A colorimetric nanoprobe based on enzyme-immobilized silver nanoparticles for the efficient detection of cholesterol

Affiliations

A colorimetric nanoprobe based on enzyme-immobilized silver nanoparticles for the efficient detection of cholesterol

Lakshita Dewangan et al. RSC Adv. .

Abstract

A large number of cardiovascular diseases have recently become of serious concern throughout the world. Herein, we developed a colorimetric probe based on functionalized silver nanoparticles (AgNPs) for the efficient sensing of cholesterol, an important cardiovascular risk marker.
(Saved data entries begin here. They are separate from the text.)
Lemma commg_twice_L2 x w : x \in G -> w \in 'L_2(G) -> [~ x, [~ x, w]] = 1.
Proof.
move=> xG wL.
rewrite (commg_L2E x (commg_memr_L2 xG wL)) (commg_L2E x wL).
rewrite (conjMg (w ^ x)) -conjgM (conjg_L2 wL (sqr_L2 xG)).
have wxL := memJ_L2 wL xG; move: (w ^ x) wxL => b bL.
by rewrite -!mulgA (mulgA b) mulgg_L2 // mul1g mulgg_L2.
Qed.

Lemma Hall_Witt_factor_L2 x y z : x \in G -> y \in G -> z \in G ->
  [~ x, y^-1, z] ^ y = [~ x, y] * [~ x, y] ^ z.
Proof.
move=> xG yG zG.
have vL : [~ x, y^-1] \in 'L_2(G) by rewrite commg_mem_L2 ?groupV.
have vy : [~ x, y^-1] ^ y = [~ x, y].
  rewrite -(invg_L2 (commg_mem_L2 xG yG)) invgR.
  by rewrite /conjg /commg; congr (_ * _); rewrite !conjgE invgK !mulgA mulgVK.
rewrite (commgEl [~ x, y^-1] z) (invg_L2 vL) (conjMg _ _ y) -(conjgM _ z y) vy.
have -> : z * y = y * z ^ y by rewrite conjgC.
rewrite (conjgM _ y (z ^ y)) vy (conjg_mulR z y) (conjgM _ z [~ z, y]).
by rewrite (conjg_L2 (memJ_L2 (commg_mem_L2 xG yG) zG) (commg_mem_L2 zG yG)).
Qed.
Lemma energy_affine_interp_le A B :
  energy W c (affine_interp a b A B) a b <=
  (A ^ 2 + B ^ 2) * RInt (fun r => W r * (2 / (b - a) ^ 2 + c r)) a b.
Proof.
  destruct (C1fun_affine_interp A B) as [Hchi Hd]; pose proof (C1fun_continuous _ Hchi).
  pose proof (C1fun_Derive_continuous _ Hchi).
  unfold energy; rewrite <- RInt_scal_R by (apply ex_RInt_cont; intros; auto_cont).
  apply RInt_le_cont; [lra | intros; auto_cont | intros; auto_cont |].
  intros r Hr; rewrite Hd.
  assert (Hslope : ((B - A) / (b - a)) ^ 2 <= (A ^ 2 + B ^ 2) * (2 / (b - a) ^ 2)).
  { replace (((B - A) / (b - a)) ^ 2) with ((B - A) ^ 2 * / (b - a) ^ 2) by (field; lra).
    replace ((A ^ 2 + B ^ 2) * (2 / (b - a) ^ 2)) with (2 * (A ^ 2 + B ^ 2) * / (b - a) ^ 2)
      by (field; lra).
    apply Rmult_le_compat_r; [apply Rlt_le, Rinv_0_lt_compat, pow_lt; lra|].
    pose proof (pow2_ge_0 (A + B)); nra. }
  pose proof (affine_interp_sq_le A B r ltac:(lra)).
  pose proof (W_nonneg r Hr); pose proof (c_nonneg r Hr).
  replace ((A ^ 2 + B ^ 2) * (W r * (2 / (b - a) ^ 2 + c r)))
    with (W r * ((A ^ 2 + B ^ 2) * (2 / (b - a) ^ 2) + c r * (A ^ 2 + B ^ 2))) by ring.
  apply Rmult_le_compat_l; [assumption|].
  apply Rplus_le_compat; [assumption | now apply Rmult_le_compat_l].
Qed.

(* [phi - chi] vanishes at both ends, so [rayleigh] applies to it; the cross
   terms are absorbed by the Peter-Paul inequality with parameter [t]. *)
Lemma energy_ge_rayleigh_perturbed (phi chi : R -> R) (t : R) : C1fun phi -> C1fun chi ->
  chi a = phi a -> chi b = phi b -> 0 < t < 1 ->
  (1 - t) ^ 2 * lam * mass W phi a b - (/ t - 1) * (lam * mass W chi a b + energy W c chi a b)
  <= energy W c phi a b.
Proof.
  intros Hphi Hchi Ha Hb Ht.
  set (psi := fun r => phi r + -1 * chi r).
  destruct (C1fun_lin_comb phi chi (-1) Hphi Hchi) as [Hpsi _]; fold psi in Hpsi.
  pose proof (rayleigh psi Hpsi ltac:(unfold psi; rewrite Ha; ring)
    ltac:(unfold psi; rewrite Hb; ring)) as Hray.
  pose proof (energy_perturb_ge W c a b W_cont c_cont ltac:(lra) W_nonneg c_nonneg
    psi chi phi 1 t Hpsi Hchi ltac:(intros; unfold psi; ring) Ht) as Henergy.
  pose proof (mass_perturb_ge W a b W_cont ltac:(lra) W_nonneg
    phi chi psi (-1) t Hphi Hchi ltac:(intros; reflexivity) Ht) as Hmass.
  pose proof (mass_nonneg W a b W_cont ltac:(lra) W_nonneg chi Hchi).
  pose proof (energy_nonneg W c a b W_cont c_cont ltac:(lra) W_nonneg c_nonneg chi Hchi).
  assert (Hk : 1 <= / t) by (rewrite <- Rinv_1; apply Rinv_le_contravar; lra).
  assert (Hpsi_mass : (1 - t) * mass W phi a b - (/ t - 1) * mass W chi a b <= mass W psi a b)
    by nra.
  apply Rmult_le_compat_l with (r := (1 - t) * lam) in Hpsi_mass; [|nra].
  assert (0 <= t * (/ t - 1) * lam * mass W chi a b)
    by (apply Rmult_le_pos; [|lra]; apply Rmult_le_pos; nra).
  assert ((1 - t) * (lam * mass W psi a b) <= (1 - t) * energy W c psi a b)
    by (apply Rmult_le_compat_l; lra).
  nra.
Qed.

Theorem energy_ge_boundary_penalty eta : 0 < eta -> exists C, 0 <= C /\
  forall phi, C1fun phi ->
  (lam - eta) * mass W phi a b - C * (phi a ^ 2 + phi b ^ 2) <= energy W c phi a b.
Proof.
  intros Heta.
  set (t := eta / (2 * lam + 2 + eta)).
  assert (Ht : 0 < t < 1).
  { unfold t; split; [apply Rdiv_lt_0_compat; lra|].
    apply Rmult_lt_reg_r with (2 * lam + 2 + eta); [lra|].
    unfold Rdiv; rewrite Rmult_assoc, Rinv_l; lra. }
  assert (Ht_lam : 2 * t * lam <= eta).
  { assert (t * (2 * lam + 2 + eta) = eta) by (unfold t; field; lra); nra. }
  assert (Hk : 1 <= / t) by (rewrite <- Rinv_1; apply Rinv_le_contravar; lra).
  set (I0 := RInt W a b); set (I1 := RInt (fun r => W r * (2 / (b - a) ^ 2 + c r)) a b).
  assert (HI0 : 0 <= I0) by (apply RInt_ge_0_cont; [lra | assumption | assumption]).
  assert (HI1 : 0 <= I1).
  { apply RInt_ge_0_cont; [lra | intros; auto_cont |].
    intros r Hr; apply Rmult_le_pos; [now apply W_nonneg|].
    pose proof (c_nonneg r Hr).
    assert (0 < 2 / (b - a) ^ 2) by (apply Rdiv_lt_0_compat, pow_lt; lra).
    lra. }
  exists ((/ t - 1) * (lam * I0 + I1)); split; [apply Rmult_le_pos; nra|].
  intros phi Hphi.
  destruct (C1fun_affine_interp (phi a) (phi b)) as [Hchi _].
  pose proof (energy_ge_rayleigh_perturbed phi _ t Hphi Hchi
    ltac:(unfold affine_interp; field; lra) ltac:(unfold affine_interp; field; lra) Ht) as Hpert.
  pose proof (mass_affine_interp_le (phi a) (phi b)) as Hmchi; fold I0 in Hmchi.
  pose proof (energy_affine_interp_le (phi a) (phi b)) as Hechi; fold I1 in Hechi.
  pose proof (mass_nonneg W a b W_cont ltac:(lra) W_nonneg phi Hphi) as HNphi.
  assert (Hlam : (lam - eta) * mass W phi a b <= (1 - t) ^ 2 * lam * mass W phi a b)
    by (apply Rmult_le_compat_r; [assumption | nra]).
  assert (Hpen : lam * mass W (affine_interp a b (phi a) (phi b)) a b
                 + energy W c (affine_interp a b (phi a) (phi b)) a b
                 <= (lam * I0 + I1) * (phi a ^ 2 + phi b ^ 2))
    by (apply Rmult_le_compat_l with (r := lam) in Hmchi; [lra | assumption]).
  apply Rmult_le_compat_l with (r := / t - 1) in Hpen; [|lra].
  lra.
Qed.

End BoundaryPenalty.

(** * A weighted trace inequality *)

Lemma exp_le_exp_of_le x y : x <= y -> exp x <= exp y.
Proof. intros [Hlt | ->]; [now apply Rlt_le, exp_increasing | apply Rle_refl]. Qed.

Lemma exp_le_inv x y : exp x <= exp y -> x <= y.
Proof.
  intros Hle; destruct (Rle_dec x y) as [|Hn]; [assumption|].
  apply Rnot_le_lt, exp_increasing in Hn; lra.
Qed.

(* Weighted Cauchy-Schwarz: integrate [2 k psi' <= e^g psi'^2 + k^2 e^(-g)] and
   take [k = D / B]. *)
Lemma sq_increment_le (g psi : R -> R) (p q B : R) :
  (forall x, continuous g x) -> C1fun psi -> p <= q -> 0 < B ->
  RInt (fun r => exp (- g r)) p q <= B ->
  (psi q - psi p) ^ 2 / B <= RInt (fun r => exp (g r) * Derive psi r ^ 2) p q.
Proof.
  intros Hg Hpsi Hpq HB HI.
  pose proof (C1fun_Derive_continuous _ Hpsi).
  set (D := psi q - psi p); set (I := RInt (fun r => exp (g r) * Derive psi r ^ 2) p q).
  assert (Hamgm : forall k, 2 * k * D <= I + k ^ 2 * B).
  { intros k.
    assert (HD : RInt (fun r => 2 * k * Derive psi r) p q = 2 * k * D).
    { rewrite RInt_scal_R by now apply ex_RInt_cont.
      unfold D; rewrite RInt_Derive; [reflexivity | |]; intros; [apply Hpsi | auto]. }
    assert (Hk2 : 0 <= k ^ 2) by apply pow2_ge_0.
    apply Rle_trans with (I + k ^ 2 * RInt (fun r => exp (- g r)) p q); [|nra].
    rewrite <- HD; unfold I.
    rewrite <- (Rmult_1_l (RInt (fun r => exp (g r) * Derive psi r ^ 2) p q)), <- RInt_lin_R
      by (apply ex_RInt_cont; intros; auto_cont).
    apply RInt_le_cont; [assumption | intros; auto_cont | intros; auto_cont |].
    intros r _; rewrite Rmult_1_l.
    assert (He : exp (g r) * exp (- g r) = 1) by (rewrite <- exp_plus, Rplus_opp_r; apply exp_0).
    assert (Hsq : exp (- g r) * (exp (g r) * Derive psi r - k) ^ 2
                  = exp (g r) * Derive psi r ^ 2 + k ^ 2 * exp (- g r) - 2 * k * Derive psi r).
    { transitivity ((exp (g r) * exp (- g r)) * (exp (g r) * Derive psi r ^ 2)
        + k ^ 2 * exp (- g r) - 2 * k * (exp (g r) * exp (- g r)) * Derive psi r); [ring|].
      rewrite He; ring. }
    assert (0 <= exp (- g r) * (exp (g r) * Derive psi r - k) ^ 2)
      by (apply Rmult_le_pos; [apply Rlt_le, exp_pos | apply pow2_ge_0]).
    lra. }
  specialize (Hamgm (D / B)).
  replace (2 * (D / B) * D) with (2 * (D ^ 2 / B)) in Hamgm by (field; lra).
  replace ((D / B) ^ 2 * B) with (D ^ 2 / B) in Hamgm by (field; lra).
  lra.
Qed.

Section TraceInequality.

Variables (g psi : R -> R) (y z a mu : R).
Hypothesis g_cont : forall x, continuous g x.
Hypothesis psi_C1 : C1fun psi.
Hypotheses (y_lt_z : y < z) (z_le_a : z <= a) (mu_pos : 0 < mu).

Let f := fun r => exp (g r) * (Derive psi r ^ 2 + mu * psi r ^ 2).

Let f_cont x : continuous f x.
Proof.
  pose proof (C1fun_continuous _ psi_C1); pose proof (C1fun_Derive_continuous _ psi_C1).
  unfold f; auto_cont.
Qed.

Let f_nonneg x : 0 <= f x.
Proof.
  unfold f; apply Rmult_le_pos; [apply Rlt_le, exp_pos|].
  pose proof (pow2_ge_0 (Derive psi x)); pose proof (pow2_ge_0 (psi x)); nra.
Qed.

Lemma trace_ineq_drop p B K : y <= p <= z -> 4 * psi p ^ 2 < psi a ^ 2 ->
  (forall r, y < r < a -> - B <= g r) -> K <= / (4 * ((a - y) * exp B)) ->
  K * psi a ^ 2 <= RInt f y a.
Proof.
  intros Hp Hdrop HB HK.
  pose proof (C1fun_Derive_continuous _ psi_C1).
  set (Bb := (a - y) * exp B).
  assert (HBb : 0 < Bb) by (apply Rmult_lt_0_compat; [lra | apply exp_pos]).
  assert (HI : RInt (fun r => exp (- g r)) p a <= Bb).
  { apply Rle_trans with (RInt (fun _ => exp B) p a).
    - apply RInt_le_cont; [lra | intros; auto_cont | intros; auto_cont |].
      intros r Hr; apply exp_le_exp_of_le; pose proof (HB r ltac:(lra)); lra.
    - rewrite RInt_const_R; unfold Bb; apply Rmult_le_compat_r; [pose proof (exp_pos B) |]; lra. }
  pose proof (sq_increment_le g psi p a Bb g_cont psi_C1 ltac:(lra) HBb HI) as Hinc.
  assert (Hsq : psi a ^ 2 / 4 <= (psi a - psi p) ^ 2).
  { assert (Hfac : (psi a - psi p) ^ 2 - psi a ^ 2 / 4
                   = (psi a / 2 - psi p) * (3 * psi a / 2 - psi p)) by field.
    destruct (Rle_dec 0 (psi a)); nra. }
  assert (Hle : RInt (fun r => exp (g r) * Derive psi r ^ 2) p a <= RInt f p a).
  { apply RInt_le_cont; [lra | intros; auto_cont | assumption |].
    intros r _; unfold f; apply Rmult_le_compat_l; [apply Rlt_le, exp_pos|].
    pose proof (pow2_ge_0 (psi r)); nra. }
  assert (Hsub : RInt f p a <= RInt f y a) by (apply RInt_le_superinterval; auto; lra).
  assert (HK' : K * psi a ^ 2 <= psi a ^ 2 / 4 / Bb).
  { replace (psi a ^ 2 / 4 / Bb) with (/ (4 * Bb) * psi a ^ 2) by (field; lra).
    apply Rmult_le_compat_r; [apply pow2_ge_0 | exact HK]. }
  assert (psi a ^ 2 / 4 / Bb <= (psi a - psi p) ^ 2 / Bb)
    by (apply Rmult_le_compat_r; [apply Rlt_le, Rinv_0_lt_compat |]; lra).
  lra.
Qed.

Lemma trace_ineq_plateau A K : (forall r, y <= r <= z -> psi a ^ 2 <= 4 * psi r ^ 2) ->
  (forall r, y < r < z -> A <= g r) -> K <= (z - y) * exp A * mu / 4 ->
  K * psi a ^ 2 <= RInt f y a.
Proof.
  intros Hbig HA HK.
  set (T := exp A * (mu * (psi a ^ 2 / 4))).
  assert (Hlow : RInt (fun _ => T) y z <= RInt f y z).
  { apply RInt_le_cont; [lra | intros; auto_cont | assumption |].
    intros r Hr; unfold T, f.
    pose proof (Hbig r ltac:(lra)); pose proof (pow2_ge_0 (Derive psi r)).
    apply Rmult_le_compat; [apply Rlt_le, exp_pos | nra | apply exp_le_exp_of_le, HA | nra]; lra. }
  rewrite RInt_const_R in Hlow.
  assert (Hsub : RInt f y z <= RInt f y a) by (apply RInt_le_superinterval; auto; lra).
  assert (K * psi a ^ 2 <= (z - y) * exp A * mu / 4 * psi a ^ 2)
    by (apply Rmult_le_compat_r; [apply pow2_ge_0 | exact HK]).
  unfold T in Hlow; nra.
Qed.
A simple sodium borohydride reduction method was employed to synthesize the AgNPs. The cholesterol oxidase (ChOx)-immobilized AgNPs interact with free cholesterol to produce H2O2 in proportion to the concentration of cholesterol, resulting in decreased AgNP absorbance (turn-off) at 400 nm due to electron transfer between the AgNPs and H2O2. The response of the sensor can also be observed visually. The absorption intensity of the AgNPs is recovered (turn-on) upon the addition of sodium dodecyl sulfate due to the inhibition of ChOx. This on-off mechanism was effectively applied to detect cholesterol within the concentration range 10-250 nM with a low detection limit of approximately 0.014 nM. Moreover, the selectivity of the sensor toward cholesterol was analyzed in the presence of a range of interfering organic substances such as glucose, urea, and sucrose. Finally, the potential of the proposed sensor was evaluated using real samples.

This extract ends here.